Ghulam Abbas (born 1 January 1955 ) is a Pakistani radio, television, and film singer. He is known for his ghazals, geets, and playback singing for Urdu and Punjabi movies. Besides winning 4 Nigar Awards as a playback singer, he was also honored with the Tamgha-i-Imtiaz (Medal of Excellence) in 2011 and the Pride of Performance Award in 2020 by the President of Pakistan.

Early life and education
Ghulam Abbas was born on January 1, 1955, in Jhang, Punjab, Pakistan. He got his school education in Multan. His higher education includes master's degrees in Philosophy and Urdu literature.

Singing career
Playback singer Mehdi Hassan noticed this young boy and introduced him to his mentor Ismail Khan. Abbas got an advanced classical training in singing from him.
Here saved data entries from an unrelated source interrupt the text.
Lemma le_median_tops t x : (n <= count (>= x)%R (ballots t))%N -> x <= median_tops t.
Proof.
by move=> n_le; apply: le_med; rewrite ?half_size_ballots size_ballots; lia.
Qed.

Lemma count_ballots_all P t : (forall j, P (t j)) -> (n <= count P (ballots t))%N.
Proof.
move=> Pt; rewrite count_cat count_map (@eq_count _ _ predT) // count_predT.
by rewrite size_enum_ord leq_addr.
Qed.

Lemma count_ballots_others P t i k : (1 <= k <= n.-1)%N -> P (alpha k) ->
  (forall j, j != i -> P (t j)) -> (n <= count P (ballots t))%N.
Proof.
move=> /andP[k_ge1 k_le] Pak Pt; rewrite count_cat.
have tops_ge : (n.-1 <= count P [seq t j | j <- enum 'I_n])%N.
  have others : count (predC1 i) (enum 'I_n) = n.-1.
    have := count_predC (pred1 i) (enum 'I_n).
    rewrite size_enum_ord (count_uniq_mem _ (enum_uniq _)) mem_enum => count_split.
    by rewrite -[in RHS]count_split.
  by rewrite count_map -others; apply: sub_count => j /= ji; apply: Pt.
have alpha_ge : (0 < count P [seq alpha k | k <- iota 1 n.-1])%N.
  rewrite -has_count; apply/hasP; exists (alpha k) => //.
  by apply: map_f; rewrite mem_iota k_ge1 /=; lia.
lia.
Qed.

Lemma count_ballots_agent P t i : P (t i) ->
  (forall k, (1 <= k <= n.-1)%N -> P (alpha k)) -> (n <= count P (ballots t))%N.
Proof.
move=> Pti Palpha; rewrite count_cat.
have tops_ge : (0 < count P [seq t j | j <- enum 'I_n])%N.
  by rewrite -has_count; apply/hasP; exists (t i) => //; apply: map_f; rewrite mem_enum.
have alpha_eq : count P [seq alpha k | k <- iota 1 n.-1] = n.-1.
  rewrite count_map (@eq_in_count _ _ predT) ?count_predT ?size_iota // => k.
  by rewrite mem_iota => /andP[k_ge1 k_lt] /=; apply: Palpha; rewrite k_ge1 /=; lia.
lia.
Qed.

Lemma median_option_ends :
  option_ends a b median_tops (fun _ => alpha 1) (fun _ => alpha n.-1).
Proof.
have k1 : (1 <= 1 <= n.-1)%N by lia.
have kn : (1 <= n.-1 <= n.-1)%N by lia.
split=> [i | i x t x_le t_ge | x t _ t_ge | i x t x_le x_le_ti
        | x t _ t_le | i x t le_x t_le | i x t le_x ti_le].
- by split; apply: alpha_in.
- exact: le_median_tops (count_ballots_others kn x_le t_ge).
- exact: le_median_tops (count_ballots_all t_ge).
- apply/le_median_tops/(count_ballots_agent x_le_ti) => k /andP[k_ge1 k_le].
  by apply: le_trans x_le _; apply: alpha_mono.
- exact: median_tops_le (count_ballots_all t_le).
- exact: median_tops_le (count_ballots_others k1 le_x t_le).
- apply/median_tops_le/(count_ballots_agent (P := (<= x)%R) ti_le) => k /andP[k_ge1 k_le].
  by apply: le_trans le_x; apply: alpha_mono.
Qed.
Ghulam Abbas started his playback singing career with a Punjabi film "Aashiq Loag Soudai" in 1975. 
His first breakthrough was a song in the film "Ajnabi" (1975), under the musical direction of Nisar Bazmi. The song was "Wo aa to jaye magar intezar hi kam hai" and its popularity established him as a playback singer. Then musician Robin Ghosh gave him a career-boosting song, "Aise wo sharmaye jaise megha chaye" for movie "Do Saathi" (1975). From there on, Abbas gave voice to 129 songs in 120 films.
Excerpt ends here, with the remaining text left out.